(* For every integer $\ell\ge3$ there exists an admissible partition of $\ell$. Moreover, if $\ell\ge500$, there exists an admissible partition $\mathfrak{a}$ of $\ell$ such that $c^{\mathfrak{a}}((a,b)^6)\ge\ell/200$ for all $(a,b)\in\{3,4,5\}\times\{3,4,5\}$.
   Context: A cyclic partition of $\ell\in\mathbb{N}$ is a tuple $(a_1,\dots,a_t)$ of positive integers with $\sum_i a_i=\ell$, considered up to cyclic rotation, with indices modulo $t$. For a cyclic partition $\mathfrak{a}=(a_1,\dots,a_t)$ and a finite sequence $a'=(a'_1,\dots,a'_{t'})$, let $c^{\mathfrak{a}}(a')=|\{i\in[t]: a_{(i+j)\bmod t}=a'_j\text{ for all }j\in[t']\}|$ (where $x \bmod t$ denotes the element of $[t]$ congruent to $x$); e.g. for $\mathfrak{a}=(a)$, $c^{\mathfrak{a}}(a,a)=1$. Write $c^{\mathfrak{a}}(a,b)$ for $c^{\mathfrak{a}}((a,b))$. A cyclic partition $\mathfrak{a}$ is admissible if all its parts lie in $\{3,4,5\}$ and $c^{\mathfrak{a}}(a,b)=c^{\mathfrak{a}}(b,a)$ for all $a,b\in\{3,4,5\}$. For a sequence $s$, $s^m$ denotes the concatenation of $m$ copies of $s$; so $(a,b)^6$ is a sequence of length $12$. *)

From mathcomp Require Import all_boot.
Set Implicit Arguments. Unset Strict Implicit. Unset Printing Implicit Defensive.

(* A cyclic partition is represented by a representative sequence
   a = [:: a_1; ...; a_t] (0-based in Rocq). All notions below are
   invariant under rotation. *)

Definition cyc_count (a s : seq nat) : nat :=
  let t := size a in
  #|[set i : 'I_t | [forall j : 'I_(size s),
        nth 0 a ((i + j) %% t) == nth 0 s j]]|.

Definition seq_pow (s : seq nat) (m : nat) : seq nat := flatten (nseq m s).

Definition parts345 : seq nat := [:: 3; 4; 5].

Definition cyc_partition (l : nat) (a : seq nat) : Prop :=
  all (fun x => 0 < x) a /\ sumn a = l.

Definition admissible (a : seq nat) : Prop :=
  all (fun x => x \in parts345) a /\
  forall x y, x \in parts345 -> y \in parts345 ->
    cyc_count a [:: x; y] = cyc_count a [:: y; x].

From mathcomp Require Import all_boot zify.

(* c(x, y) counts the pair (x, y) among the cyclic adjacencies of the word, so
   reversing the word swaps c(x, y) and c(y, x); hence every word whose reversal
   is one of its rotations is admissible. For l >= 3 the word 3...3e with
   e = 3 + (l mod 3) has this property. For l >= 877 take the palindrome
   B^k P (rev B)^k, where P is a palindromic filler and the block B of weight 432
   contains, together with rev B, nine occurrences of every (x, y)^6; since
   linear occurrences are cyclic ones, each (x, y)^6 occurs at least
   9k >= l/200 times. The range 500 <= l < 877 is checked by computation on an
   explicit family of words. *)

Lemma card_ord_count (t : nat) (Q : nat -> bool) :
  #|[set i : 'I_t | Q i]| = count Q (iota 0 t).
Proof.
rewrite -sum1dep_card -sum1_count -(big_mkord Q (fun _ => 1)).
by rewrite /index_iota subn0.
Qed.

Lemma forall_ord_all n (F : nat -> bool) :
  [forall j : 'I_n, F j] = all F (iota 0 n).
Proof.
apply/forallP/allP => [F_ j | F_ j].
  by rewrite mem_iota add0n => /andP[_ lt_jn]; exact: (F_ (Ordinal lt_jn)).
by apply: F_; rewrite mem_iota add0n ltn_ord.
Qed.

Definition cyc_match (a s : seq nat) (i : nat) : bool :=
  all (fun j => nth 0 a ((i + j) %% size a) == nth 0 s j) (iota 0 (size s)).

Lemma cyc_countE a s : cyc_count a s = count (cyc_match a s) (iota 0 (size a)).
Proof.
rewrite /cyc_count -card_ord_count; apply: eq_card => i.
by rewrite !inE (forall_ord_all _ (fun j => nth 0 a ((i + j) %% size a) == nth 0 s j)).
Qed.

Definition pair_count (a : seq nat) (x y : nat) : nat :=
  count_mem (x, y) (zip a (rot 1 a)).

Lemma cyc_count_pair a x y : cyc_count a [:: x; y] = pair_count a x y.
Proof.
rewrite cyc_countE /pair_count -(mkseq_nth (0, 0) (zip a (rot 1 a))) /mkseq.
rewrite count_map size_zip size_rot minnn.
apply: eq_in_count => i; rewrite mem_iota add0n => /andP[_ lt_ia] /=.
rewrite nth_zip ?size_rot // /cyc_match /= addn0 (modn_small lt_ia) andbT.
case: a lt_ia => [//|z a] /= lt_ia; rewrite rot1_cons nth_rcons.
have [lt_ia' | ge_ia] := ltnP i (size a).
  by rewrite modn_small ?addn1.
have -> : i = size a by lia.
by rewrite eqxx addn1 modnn xpair_eqE.
Qed.

Lemma take_zip (A B : Type) n (s : seq A) (t : seq B) :
  take n (zip s t) = zip (take n s) (take n t).
Proof. by elim: s t n => [|x s IH] [|y t] [|n] //=; rewrite ?IH //; case: take. Qed.

Lemma drop_zip (A B : Type) n (s : seq A) (t : seq B) :
  drop n (zip s t) = zip (drop n s) (drop n t).
Proof. by elim: s t n => [|x s IH] [|y t] [|n] //=; rewrite ?IH //; case: drop. Qed.

Lemma rot_zip (A B : Type) k (s : seq A) (t : seq B) : size s = size t ->
  rot k (zip s t) = zip (rot k s) (rot k t).
Proof. by move=> Est; rewrite /rot drop_zip take_zip zip_cat // !size_drop Est. Qed.

Lemma pair_count_rot k a x y : pair_count (rot k a) x y = pair_count a x y.
Proof.
rewrite /pair_count rot_rot -rot_zip ?size_rot //.
by apply/permP; rewrite perm_rot.
Qed.

Lemma pair_count_rev a x y : pair_count (rev a) x y = pair_count a y x.
Proof.
rewrite /pair_count -rev_rotr -rev_zip ?size_rotr // count_rev.
have swap (s t : seq nat) : count_mem (x, y) (zip s t) = count_mem (y, x) (zip t s).
  by elim: s t => [|u s IH] [|v t] //=; rewrite IH !xpair_eqE andbC.
rewrite swap -{2}(rotrK 1 a).
exact: (pair_count_rot _ a).
Qed.

Lemma pair_count_sym k a x y :
  rev a = rot k a -> pair_count a x y = pair_count a y x.
Proof. by move=> rev_a; rewrite -pair_count_rev rev_a pair_count_rot. Qed.

Lemma cyc_partition_parts l a :
  all (fun x => x \in parts345) a -> sumn a = l -> cyc_partition l a.
Proof.
move=> a345 suma; split=> //.
by apply: sub_all a345 => x; rewrite !inE => /or3P[]/eqP->.
Qed.

Lemma admissible_rev_rot k a :
  all (fun x => x \in parts345) a -> rev a = rot k a -> admissible a.
Proof.
move=> a345 rev_a; split=> // x y _ _.
by rewrite !cyc_count_pair; apply: pair_count_sym rev_a.
Qed.

Definition admissibleb (a : seq nat) : bool :=
  all (fun x => x \in parts345) a &&
  all (fun x => all (fun y => pair_count a x y == pair_count a y x) parts345) parts345.

Lemma admissibleb_admissible a : admissibleb a -> admissible a.
Proof.
case/andP=> a345 /allP sym; split=> // x y x345 y345.
by rewrite !cyc_count_pair; apply/eqP; move/allP: (sym x x345); apply.
Qed.

Lemma seq_pow_catC s k : seq_pow s k ++ s = s ++ seq_pow s k.
Proof. by elim: k => [|k IH] /=; rewrite ?cats0 // -catA IH. Qed.

Lemma rev_seq_pow s k : rev (seq_pow s k) = seq_pow (rev s) k.
Proof. by elim: k => [//|k IH] /=; rewrite rev_cat IH seq_pow_catC. Qed.

Lemma sumn_seq_pow s k : sumn (seq_pow s k) = k * sumn s.
Proof. by elim: k => [//|k IH] /=; rewrite sumn_cat IH mulSn. Qed.

Lemma all_seq_pow (p : pred nat) s k : all p s -> all p (seq_pow s k).
Proof. by move=> ps; elim: k => [//|k IH] /=; rewrite all_cat ps. Qed.

Fixpoint lin_count (w b : seq nat) : nat :=
  if b is _ :: b' then prefix w b + lin_count w b' else 0.

Lemma lin_count_cons w x b : lin_count w (x :: b) = prefix w (x :: b) + lin_count w b.
Proof. by []. Qed.

Lemma lin_countE w b :
  lin_count w b = count (fun i => prefix w (drop i b)) (iota 0 (size b)).
Proof.
elim: b => [//|x b IH] /=; rewrite IH -(addn0 1) iotaDl count_map.
by congr (_ + _); apply: eq_count.
Qed.

Lemma lin_count_le_cyc_count w a : lin_count w a <= cyc_count a w.
Proof.
rewrite lin_countE cyc_countE; apply: sub_count => i /=.
case/prefixP=> u drop_ia; apply/allP => j; rewrite mem_iota add0n => /andP[_ lt_jw].
have lt_ija : i + j < size a.
  by rewrite -ltn_subRL -size_drop drop_ia size_cat ltn_addr.
by rewrite modn_small // -nth_drop drop_ia nth_cat lt_jw.
Qed.

Lemma lin_count_cat w p q : lin_count w p + lin_count w q <= lin_count w (p ++ q).
Proof.
elim: p => [//|x p IH]; rewrite cat_cons !lin_count_cons -addnA leq_add //.
by case wp: (prefix w (x :: p)); rewrite // (prefix_catl q wp).
Qed.

Lemma lin_count_seq_pow w s k : k * lin_count w s <= lin_count w (seq_pow s k).
Proof.
elim: k => [//|k IH] /=.
by rewrite mulSn (leq_trans _ (lin_count_cat _ _ _)) ?leq_add2l.
Qed.

Definition short_partition (l : nat) : seq nat :=
  nseq (l %/ 3).-1 3 ++ [:: 3 + l %% 3].

Lemma short_partition_ok l : 3 <= l ->
  cyc_partition l (short_partition l) /\ admissible (short_partition l).
Proof.
move=> l_ge3; set a := short_partition l.
have a345 : all (fun x => x \in parts345) a.
  rewrite all_cat all_nseq /= andbT !inE /= orbT /=.
  by case: (l %% 3) (ltn_mod l 3) => [|[|[|]]].
have suma : sumn a = l by rewrite sumn_cat sumn_nseq /= (divn_eq l 3); lia.
split; first exact: cyc_partition_parts.
apply: (admissible_rev_rot (l %/ 3).-1) => //.
rewrite /a /short_partition rev_cat rev_nseq.
by rewrite -{2}(size_nseq (l %/ 3).-1 3) rot_size_cat.
Qed.

Definition pal_center (r : nat) : seq nat :=
  match r with 0 => [::] | 1 => [:: 4; 5; 4] | 2 => [:: 4; 4] | 3 => [:: 3]
  | 4 => [:: 4] | _ => [:: 5] end.

Definition pal_filler (v : nat) : seq nat :=
  let c := pal_center (v %% 6) in
  nseq ((v - sumn c) %/ 6) 3 ++ c ++ nseq ((v - sumn c) %/ 6) 3.

Lemma sumn_pal_filler v : 13 <= v -> sumn (pal_filler v) = v.
Proof.
move=> v_ge13; rewrite /pal_filler !sumn_cat !sumn_nseq.
move: (divn_eq v 6) (ltn_mod v 6).
by case: (v %% 6) => [|[|[|[|[|[|r]]]]]] /=; lia.
Qed.

Lemma rev_pal_filler v : rev (pal_filler v) = pal_filler v.
Proof.
rewrite /pal_filler !rev_cat !rev_nseq -catA; congr (_ ++ (_ ++ _)).
by case: (v %% 6) => [|[|[|[|[|[|r]]]]]].
Qed.

Lemma pal_filler_parts v : all (fun x => x \in parts345) (pal_filler v).
Proof.
rewrite /pal_filler !all_cat !all_nseq !orbT /=.
by case: (v %% 6) => [|[|[|[|[|[|r]]]]]].
Qed.

Definition block : seq nat := nseq 16 3 ++ nseq 16 4 ++ nseq 16 5 ++
  seq_pow [:: 3; 4] 10 ++ seq_pow [:: 3; 5] 10 ++ seq_pow [:: 4; 5] 10.

Lemma sumn_block : sumn block = 432.
Proof. by vm_compute. Qed.

Lemma block_parts : all (fun x => x \in parts345) block.
Proof. by vm_compute. Qed.

Lemma block_lin_count x y : x \in parts345 -> y \in parts345 ->
  9 <= lin_count (seq_pow [:: x; y] 6) block
       + lin_count (seq_pow [:: x; y] 6) (rev block).
Proof. by rewrite !inE => /or3P[]/eqP-> /or3P[]/eqP->; vm_compute. Qed.

Definition big_partition (l : nat) : seq nat :=
  let k := (l - 13) %/ 864 in
  seq_pow block k ++ pal_filler (l - 864 * k) ++ seq_pow (rev block) k.

Lemma big_partition_ok l : 877 <= l ->
  cyc_partition l (big_partition l) /\ admissible (big_partition l) /\
  forall x y, x \in parts345 -> y \in parts345 ->
    l <= 200 * cyc_count (big_partition l) (seq_pow [:: x; y] 6).
Proof.
rewrite /big_partition => l_ge; set k := (l - 13) %/ 864.
have k_lb : 864 * k <= l - 13 by rewrite /k; lia.
have k_ub : l - 13 < 864 * k + 864 by rewrite /k; lia.
have sumD : sumn (pal_filler (l - 864 * k)) = l - 864 * k by apply: sumn_pal_filler; lia.
move: (pal_filler _) (pal_filler_parts (l - 864 * k)) (rev_pal_filler (l - 864 * k)) sumD
  => D D345 revD sumD.
move: block sumn_block block_parts block_lin_count => B sumB B345 B9.
set a := seq_pow B k ++ D ++ seq_pow (rev B) k.
have a345 : all (fun x => x \in parts345) a.
  by rewrite !all_cat D345 !all_seq_pow ?all_rev.
have rev_a : rev a = rot 0 a.
  by rewrite rot0 !rev_cat !rev_seq_pow revK revD -catA.
split.
  apply: cyc_partition_parts => //.
  by rewrite !sumn_cat !sumn_seq_pow sumn_rev sumB sumD; lia.
split; first exact: admissible_rev_rot rev_a.
move=> x y x345 y345; set w := seq_pow [:: x; y] 6.
have : k * (lin_count w B + lin_count w (rev B)) <= cyc_count a w.
  apply: leq_trans (lin_count_le_cyc_count _ _); rewrite mulnDr.
  apply: leq_trans (lin_count_cat _ _ _); apply: leq_add; first exact: lin_count_seq_pow.
  apply: leq_trans (lin_count_cat _ _ _); apply: leq_trans (lin_count_seq_pow _ _ _) _.
  exact: leq_addl.
have occ_B : 9 <= lin_count w B + lin_count w (rev B) by exact: B9.
move=> /(leq_trans (leq_mul (leqnn k) occ_B)); lia.
Qed.

Definition mid_partition (l : nat) : seq nat :=
  let n := l %/ 200 + 1 in
  let q := n + 5 in let c := n + 11 in
  let base := 24 * q + 5 * c + 4 in
  let b := n + 11 + (l - base - 4 * (n + 11)) %% 3 in
  let a := (l - base - 4 * b) %/ 3 in
  nseq a 3 ++ seq_pow [:: 4; 3] q ++ nseq b 4 ++ seq_pow [:: 5; 4] q ++
  nseq c 5 ++ seq_pow [:: 3; 5] q ++ [:: 4].

Definition pow6_lin_rich (l : nat) (a : seq nat) : bool :=
  all (fun x => all (fun y =>
    l <= 200 * lin_count (seq_pow [:: x; y] 6) a) parts345) parts345.

Lemma pow6_lin_rich_cyc_count l a x y :
  pow6_lin_rich l a -> x \in parts345 -> y \in parts345 ->
  l <= 200 * cyc_count a (seq_pow [:: x; y] 6).
Proof.
move=> /allP rich x345 y345; move/allP: (rich x x345) => /(_ y y345) /leq_trans; apply.
by rewrite leq_mul2l lin_count_le_cyc_count orbT.
Qed.

Lemma mid_partition_good :
  all (fun l => [&& sumn (mid_partition l) == l, admissibleb (mid_partition l)
                  & pow6_lin_rich l (mid_partition l)]) (iota 500 377).
Proof. by vm_compute. Qed.

Theorem proposition4p1 :
  (forall l : nat, 3 <= l ->
     exists a : seq nat, cyc_partition l a /\ admissible a) /\
  (forall l : nat, 500 <= l ->
     exists a : seq nat, cyc_partition l a /\ admissible a /\
       forall x y, x \in parts345 -> y \in parts345 ->
         l <= 200 * cyc_count a (seq_pow [:: x; y] 6)).
Proof.
split=> l l_ge; first by exists (short_partition l); exact: short_partition_ok.
have [l_big | l_mid] := leqP 877 l.
  by exists (big_partition l); exact: big_partition_ok.
have l_range : l \in iota 500 377 by rewrite mem_iota; lia.
have /and3P[/eqP sum_a /admissibleb_admissible adm_a rich_a] :=
  allP mid_partition_good l l_range.
exists (mid_partition l); split; first by apply: cyc_partition_parts; case: adm_a.
by split=> // x y; exact: pow6_lin_rich_cyc_count.
Qed.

—————

= Description of the task =
Everything in the material above from the line that has "Lemma pair_count_rot k" through the line that has "have swap (s" must be duplicated exactly, with no other lines given.

= Task response =
Lemma pair_count_rot k a x y : pair_count (rot k a) x y = pair_count a x y.
Proof.
rewrite /pair_count rot_rot -rot_zip ?size_rot //.
by apply/permP; rewrite perm_rot.
Qed.

Lemma pair_count_rev a x y : pair_count (rev a) x y = pair_count a y x.
Proof.
rewrite /pair_count -rev_rotr -rev_zip ?size_rotr // count_rev.
have swap (s t : seq nat) : count_mem (x, y) (zip s t) = count_mem (y, x) (zip t s).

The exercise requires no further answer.